Следующий уровень инфраструктуры я бы назвал институциональным. Это право, нормы производственного поведения, образование, церковь и т.д.

А следующий уровень — это уровень повседневности. Это общение мужчин и женщин, детей и взрослых, устройство жилища, устройство семьи. Как мне кажется, по широте Рима проходят разные семейные идентичности. Они порождают совершенно разные типы переживаний: одно дело, когда дети приезжают к родителям на Рождество и пишут им раз в месяц. Другое — когда мамочка или папочка остаются для ребенка главным человеком на протяжении всей его жизни. До глубокой старости этого ребенка. Это совершенно разные вещи. Там где большая семья, как правило, скученно живущая, где все время происходит контакт с кровными родственниками, возникает инцестуозный дух. И наоборот, в других семьях господствует пуританский дух — там ребенка в 16 лет отправляют из дома на работу или на учебу.

Здесь мы подходим к тому, что называется идентичностью традиционно — способу переживания, восприятию человеком окружающего мира, так называемому «фильтру восприятия», что является, в частности, одной из функций ценностной сферы.

И, наконец, последний уровень идентичности — это ментальный уровень.

Таким образом, глядя на весь этот слоеный пирог, мы можем сказать, что идентичность есть стабильный, отчетливый и постоянный способ переживания, мышления и социального действия. Легко транслируемый и четкий. Легко транслируемый, потому что он усваивается в процессе аккультурации, передается от поколения к поколению. Четкий, потому что он всегда воспринимается как нечто специфическое, не сводимое к таким вещам, как жизненный навык, привычка, стереотипы поведения. Это нечто большее. Но, к сожалению, в последнее время под идентичностью понимают два верхних уровня — уровень самосознания и уровень чувствования. То есть ценностный и эмоциональный уровни идентичности.

Теперь к вопросу о том, способны ли идентичности удерживаться большой инфраструктурой. Ответ на это зависит от двух факторов — насколько сильна эта инфраструктура и институциональность и насколько сильна повседневность и ценностность тех, кто прибыл извне. Я знаю людей, которые приезжают в США и ставят своей целью интегрироваться, стараясь меньше общаться с соотечественниками мигрантами и налаживая отношения с американцами, с соседями, коллегами, как бы трудно эти ни было. А другие едут прямиком на Брайтон-Бич. Понимаете?

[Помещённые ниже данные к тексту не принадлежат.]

(* Let $I\subsetneq S$ be a monomial ideal. If $I$ is $k$-clean for some integer $k\ge 0$, then $S/I$ is clean. Conversely, if $S/I$ is clean, then $I$ is $k$-clean for some integer $k\geq 0$.
   Context: $S=K[x_1,\dots,x_n]$ is a polynomial ring over a field $K$. For a monomial $u=x_1^{a_1}\cdots x_n^{a_n}$, $\mathrm{supp}(u)=\{i: a_i>0\}$. For an ideal $I$, $\min(I)$ denotes the set of prime ideals of $S$ that are minimal among primes containing $I$. A monomial $u\neq 1$ with $u\notin I$ is a cleaner monomial of the monomial ideal $I$ if $\min(I+Su)\subseteq \min(I)$. For an integer $k\ge 0$, the class of $k$-clean monomial ideals is defined recursively (as the smallest class closed under the following rule): a proper monomial ideal $I$ is $k$-clean if either $I$ is a prime ideal, or $I$ has no embedded prime ideals (i.e. $\mathrm{Ass}(S/I)=\min(I)$) and there exists a cleaner monomial $u$ of $I$ with $|\mathrm{supp}(u)|\le k+1$ such that both $I:u$ and $I+Su$ are $k$-clean. $S/I$ is clean if there is a chain of $\mathbb{Z}^n$-graded submodules $0=M_0\subset M_1\subset\cdots\subset M_r=S/I$ with multigraded isomorphisms $M_i/M_{i-1}\cong (S/P_i)(-\mathbf{a}_i)$ for some $\mathbf a_i\in\mathbb Z^n$ and monomial prime ideals $P_i$, such that $\{P_1,\dots,P_r\}\subseteq \min(I)$. *)

From HB Require Import structures.
From mathcomp Require Import all_boot all_order all_algebra.
From mathcomp Require Import mpoly.
Set Implicit Arguments. Unset Strict Implicit. Unset Printing Implicit Defensive.
Import Order.TTheory GRing.Theory Num.Theory.
Local Open Scope ring_scope.

Section Defs.
Variables (K : fieldType) (n : nat).

Local Notation S := {mpoly K[n]}.

Local Notation subS := (S -> Prop).

Definition incl (A B : subS) : Prop := forall f, A f -> B f.

Definition is_idealS (I : subS) : Prop :=
  [/\ I 0, (forall f g, I f -> I g -> I (f + g)) &
      (forall r f, I f -> I (r * f))].

Definition proper_idealS (I : subS) : Prop := is_idealS I /\ ~ I 1.

Definition gen_by_monomials (G : 'X_{1..n} -> Prop) : subS :=
  fun f => exists s : seq (S * 'X_{1..n}),
      (forall p, p \in s -> G p.2) /\
      f = \sum_(p <- s) p.1 * 'X_[p.2].

Definition monomial_ideal (I : subS) : Prop :=
  exists G, forall f, I f <-> gen_by_monomials G f.

Definition prime_idealS (P : subS) : Prop :=
  [/\ is_idealS P, ~ P 1 & (forall f g, P (f * g) -> P f \/ P g)].

Definition min_prime (I P : subS) : Prop :=
  [/\ prime_idealS P, incl I P &
      (forall Q, prime_idealS Q -> incl I Q -> incl Q P -> incl P Q)].

Definition ass_prime (I P : subS) : Prop :=
  prime_idealS P /\ exists f : S, forall g, P g <-> I (g * f).

Definition no_embedded (I : subS) : Prop :=
  forall P, ass_prime I P <-> min_prime I P.

Definition sum_mono (I : subS) (m : 'X_{1..n}) : subS :=
  fun f => exists g h, I g /\ f = g + h * 'X_[m].

Definition colon_mono (I : subS) (m : 'X_{1..n}) : subS :=
  fun f => I (f * 'X_[m]).

Definition msupp_set (m : 'X_{1..n}) : {set 'I_n} := [set i | (m i != 0)%N].

Definition cleaner (I : subS) (m : 'X_{1..n}) : Prop :=
  [/\ m != 0%MM, ~ I 'X_[m] &
      (forall P, min_prime (sum_mono I m) P -> min_prime I P)].

Inductive kclean (k : nat) : subS -> Prop :=
| kclean_prime (I : subS) :
    monomial_ideal I -> proper_idealS I -> prime_idealS I -> kclean k I
| kclean_step (I : subS) (m : 'X_{1..n}) :
    monomial_ideal I -> proper_idealS I -> no_embedded I ->
    cleaner I m -> (#|msupp_set m| <= k.+1)%N ->
    kclean k (colon_mono I m) -> kclean k (sum_mono I m) -> kclean k I.

(* Z^n-graded submodules of S/I are the J/I with J an ideal containing I
   which is homogeneous: with every f it contains all its homogeneous
   components f@_b x^b. *)
Definition graded_ideal (J : subS) : Prop :=
  is_idealS J /\ forall f b, J f -> J (f@_b *: 'X_[b]).

(* x^d for d in Z^n if d in N^n, and 0 otherwise
   (the degree-d component of S is K x^d, resp. 0) *)
Definition monoZ (d : 'I_n -> int) : S :=
  if [forall i, (0 <= d i)%R] then 'X_[[multinom `|d i|%N | i < n]] else 0.

(* Multigraded isomorphism (S/P)(-a) ~= B/A (A \subseteq B ideals):
   phi : S -> B is an S-linear map modulo A, with kernel (mod A) exactly P
   (so it induces an injective map S/P -> B/A), surjective onto B/A, and
   homogeneous of degree 0 from (S/P)(-a): the class of x^b (degree b + a in
   (S/P)(-a)) is sent to an element of degree b + a of B/A. *)
Definition graded_iso (A B P : subS) (a : 'I_n -> int) : Prop :=
  exists phi : S -> S,
    [/\ (forall f, B (phi f)),
        (forall f g, A (phi (f + g) - (phi f + phi g))),
        (forall r f, A (phi (r * f) - r * phi f)),
        (forall f, A (phi f) <-> P f) /\
        (forall g, B g -> exists f, A (g - phi f)) &
        forall b : 'X_{1..n}, exists c : K,
          A (phi 'X_[b] - c *: monoZ (fun i => (b i)%:Z + a i))].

Например, исламскую идентичность «переварить» практически невозможно: у мусульман очень силен собственный институциональный орган, связанный с уровнем повседневности, поскольку ислам — это предельно забытовленная религия.

Я говорю именно об исламской эмиграции, а не об арабской, персидской, марокканской, пакистанской, сирийской и так далее, об эмигрантах, которые в силу молодой сильной веры не имеют и желания интегрироваться.

У мусульман свои представления о праве, о добре и зле, другой институт брака и семьи, иное отношение к женщине, к ребенку. При этом данная  институциональность крайне сильна, она не способна рассосаться. А вот китайцы и японцы, например, способны интегрироваться, поскольку у них нет религии в нашем смысле слова.

— Как тогда смогли интегрироваться евреи?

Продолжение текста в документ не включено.